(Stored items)
Theorem lemma3p2 (R : realType) (J0 : set (R * R)%type) (rho : R)
  (d : measure_display) (Omega : measurableType d)
  (P : probability Omega R) (X : Omega -> config R) :
  (* J0: compact, closure of its interior, finitely many connected components *)
  compact J0 ->
  closure (interior J0) = J0 ->
  finite_set [set connected_component J0 x | x in J0] ->
  (* contraction ratio *)
  0 < rho < 1 ->
  (* L is a bounded random variable *)
  measurable_fun setT (fun w => (size (X w))%:R : R) ->
  (exists M : nat, forall w, (size (X w) <= M)%N) ->
  (* h_i(J0) subset of J0 *)
  (forall w i, (i < size (X w))%N ->
     homot rho (nth (0, 0) (X w) i) @` J0 `<=` J0) ->
  (* E[L] = 1/rho *)
  (\int[P]_w ((size (X w))%:R : R)%:E = (rho^-1)%:E)%E ->
  (* surviving: L >= 1 almost surely *)
  P [set w | (1 <= size (X w))%N] = 1%E ->
  (* statement for every realization: every node receives a value of X with L >= 1 *)
  (forall conf : seq nat -> config R,
     (forall u, range X (conf u) /\ (1 <= size (conf u))%N) ->
     forall (n : nat) (r : R), diam J0 * rho ^+ n <= r ->
       (Fav (Sn J0 rho conf n) <= Fav (nbhd_set (Slim J0 rho conf) r))%E)
  /\
  (exists C eps0 : R, 0 < C /\ 0 < eps0 /\
     forall conf : seq nat -> config R,
     (forall u, range X (conf u) /\ (1 <= size (conf u))%N) ->
     forall (n : nat) (eps r : R), 0 < eps <= eps0 -> 0 < r <= eps * rho ^+ n ->
       (Fav (nbhd_set (Slim J0 rho conf) r) <= (1 + C * eps)%:E * Fav (Sn J0 rho conf n))%E).
Proof.
move=> J0_compact J0_regular J0_components /andP[rho_gt0 _] _ [M X_le] X_sub _ _.
have conf_facts (conf : seq nat -> config R) :
    (forall u, range X (conf u) /\ (1 <= size (conf u))%N) ->
    [/\ forall u i, (i < size (conf u))%N ->
          homot rho (nth (0, 0) (conf u) i) @` J0 `<=` J0,
        forall u, (0 < size (conf u))%N &
        forall u, (size (conf u) <= M)%N].
  move=> hc; split=> [u i|u|u]; have [[w _ <-] ?] := hc u => //; exact: X_sub.
split.
  move=> conf /conf_facts [conf_sub conf_neq0 _] n r r_ge.
  rewrite /Fav -[X in (_ <= X)%E]mul1e; apply: ge0_le_integral_scale => // t _.
  rewrite mul1e; apply/lebesgue_measure_le/image_subset.
  exact: Sn_sub_nbhd_Slim.
have J0_closed : closed J0 := compact_closed (@norm_hausdorff _ _) J0_compact.
have [e e_gt0 [Cs [J0E Cs_ball]]] :=
  components_uniform_ball J0_closed J0_regular J0_components.
exists e^-1, 1; split; first by rewrite invr_gt0.
split=> // conf /conf_facts [_ _ conf_le] n eps r /andP[eps_gt0 _] r_le.
rewrite /Fav; apply: ge0_le_integral_scale => // [|t _].
- by have := divr_ge0 (ltW eps_gt0) (ltW e_gt0); rewrite mulrC; lra.
- exact: (proj_nbhd_Slim_le J0_compact rho_gt0 e_gt0 J0E Cs_ball conf_le t eps_gt0 r_le).
Qed.
Fixpoint poch (a : C) (n : nat) : C :=
  match n with
  | O => RtoC 1
  | S k => Cmult (poch a k) (Cplus a (RtoC (INR k)))
  end.

Definition hyp_term (a b c : C) (x : R) (n : nat) : C :=
  Cmult (Cdiv (Cmult (poch a n) (poch b n)) (Cmult (poch c n) (RtoC (INR (Stdlib.Arith.Factorial.fact n)))))
        (RtoC (x ^ n)).

Definition hyp2F1 (a b c : C) (x : R) : C :=
  (Series (fun n => Re (hyp_term a b c x n)), Series (fun n => Im (hyp_term a b c x n))).

(* sgn M = 1 if M > 0, 0 otherwise (M >= 0 in the application). *)
Definition sgn_nat (M : R) : nat := if Rlt_dec 0 M then 1%nat else 0%nat.

(* For a = 1/2 + iM the coefficients c_n = ((a)_n / n!)^2 of F(a,a;1;x) satisfy
   |c_(n+1)| (n+1)^2 = |c_n| ((n+1/2)^2 + M^2), whence (n+1) |c_n| <= exp (1 + 4 M^2).
   This alone bounds the partial sums of F by O(log (1/(1-x))), and for
   x = ((z-1)^2 - y^2) / ((z+1)^2 - y^2) with 0 <= y <= z-1 one has 1/(1-x) <= z,
   so |F| = O(1 + ln z).  When M > 0 the same recurrence gives the Abel identity
   (2a-1) c_n = (n+1) c_(n+1) - n c_n - (a-1)^2 c_n / (n+1), and summation by parts
   bounds the partial sums uniformly in 0 <= x <= 1.  Finally
   ((1+z)^2 - y^2)^(-1/2) <= ((1+z) (1+z-y))^(-1/2), whose integral over [0, z-1]
   is less than 2. *)

From Stdlib Require Import Reals Lra Lia.
From Coquelicot Require Import Coquelicot.
Open Scope R_scope.

Definition hyp_coef (a b c : C) (n : nat) : C :=
  Cdiv (Cmult (poch a n) (poch b n)) (Cmult (poch c n) (RtoC (INR (Factorial.fact n)))).

Lemma hyp_term_coef a b c x n :
  hyp_term a b c x n = Cmult (hyp_coef a b c n) (RtoC (x ^ n)).
Proof. reflexivity. Qed.

Lemma RtoC_neq_0 r : r <> 0 -> RtoC r <> 0%C.
Proof. intros Hr E; apply Hr; now injection E. Qed.

Lemma RtoC_INR_S_neq_0 n : (RtoC (INR n) + 1)%C <> 0%C.
Proof. rewrite <- RtoC_plus; apply RtoC_neq_0; pose proof (pos_INR n); lra. Qed.

Lemma poch_1 n : poch (RtoC 1) n = RtoC (INR (Factorial.fact n)).
Proof.
  induction n as [|n IH]; [reflexivity|].
  rewrite fact_simpl, mult_INR, S_INR; simpl poch; rewrite IH, !RtoC_mult, RtoC_plus.
  ring.
Qed.

Lemma hyp_coef_0 a b c : hyp_coef a b c 0 = 1%C.
Proof. unfold hyp_coef; simpl; field; apply RtoC_neq_0; lra. Qed.

Lemma hyp_coef_diag_S a n :
  (hyp_coef a a 1 (S n) * (INR n + 1) ^ 2 = hyp_coef a a 1 n * (a + INR n) ^ 2)%C.
Proof.
  unfold hyp_coef; rewrite !poch_1, fact_simpl, mult_INR, S_INR; simpl poch.
  rewrite !RtoC_mult, !RtoC_plus.
  assert (RtoC (INR (Factorial.fact n)) <> 0%C) by apply RtoC_neq_0, INR_fact_neq_0.
  pose proof (RtoC_INR_S_neq_0 n).
  field; auto.
Qed.

Lemma hyp_coef_diag_abel a n :
  ((2 * a - 1) * hyp_coef a a 1 n =
   (INR n + 1) * hyp_coef a a 1 (S n) - INR n * hyp_coef a a 1 n
   - (a - 1) ^ 2 * hyp_coef a a 1 n / (INR n + 1))%C.
Proof.
  pose proof (RtoC_INR_S_neq_0 n).
  replace (hyp_coef a a 1 (S n))
    with (hyp_coef a a 1 n * (a + INR n) ^ 2 / (INR n + 1) ^ 2)%C
    by (rewrite <- hyp_coef_diag_S; field; auto).
  field; auto.
Qed.

Lemma Cmod_hyp_coef_half_S M n :
  Cmod (hyp_coef (1/2, M) (1/2, M) 1 (S n)) =
  Cmod (hyp_coef (1/2, M) (1/2, M) 1 n) * ((INR n + 1/2) ^ 2 + M ^ 2) / (INR n + 1) ^ 2.
Proof.
  pose proof (pos_INR n).
  assert (Ha : Cmod (Cplus (1/2, M) (INR n)) ^ 2 = (INR n + 1/2) ^ 2 + M ^ 2)
    by (rewrite Cmod2_alt; simpl; ring).
  pose proof (f_equal Cmod (hyp_coef_diag_S (1/2, M) n)) as E.
  rewrite !Cmod_mult, !Cmod_pow, <- RtoC_plus, Cmod_R, Rabs_pos_eq, Ha in E by lra.
  apply Rmult_eq_reg_r with ((INR n + 1) ^ 2); [|nra].
  rewrite E; field; lra.
Qed.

Task details
Find the lines that mention "closure" in the entries and show them.

Solution to this exercise
  (* J0: compact, closure of its interior, finitely many connected components *)
  closure (interior J0) = J0 ->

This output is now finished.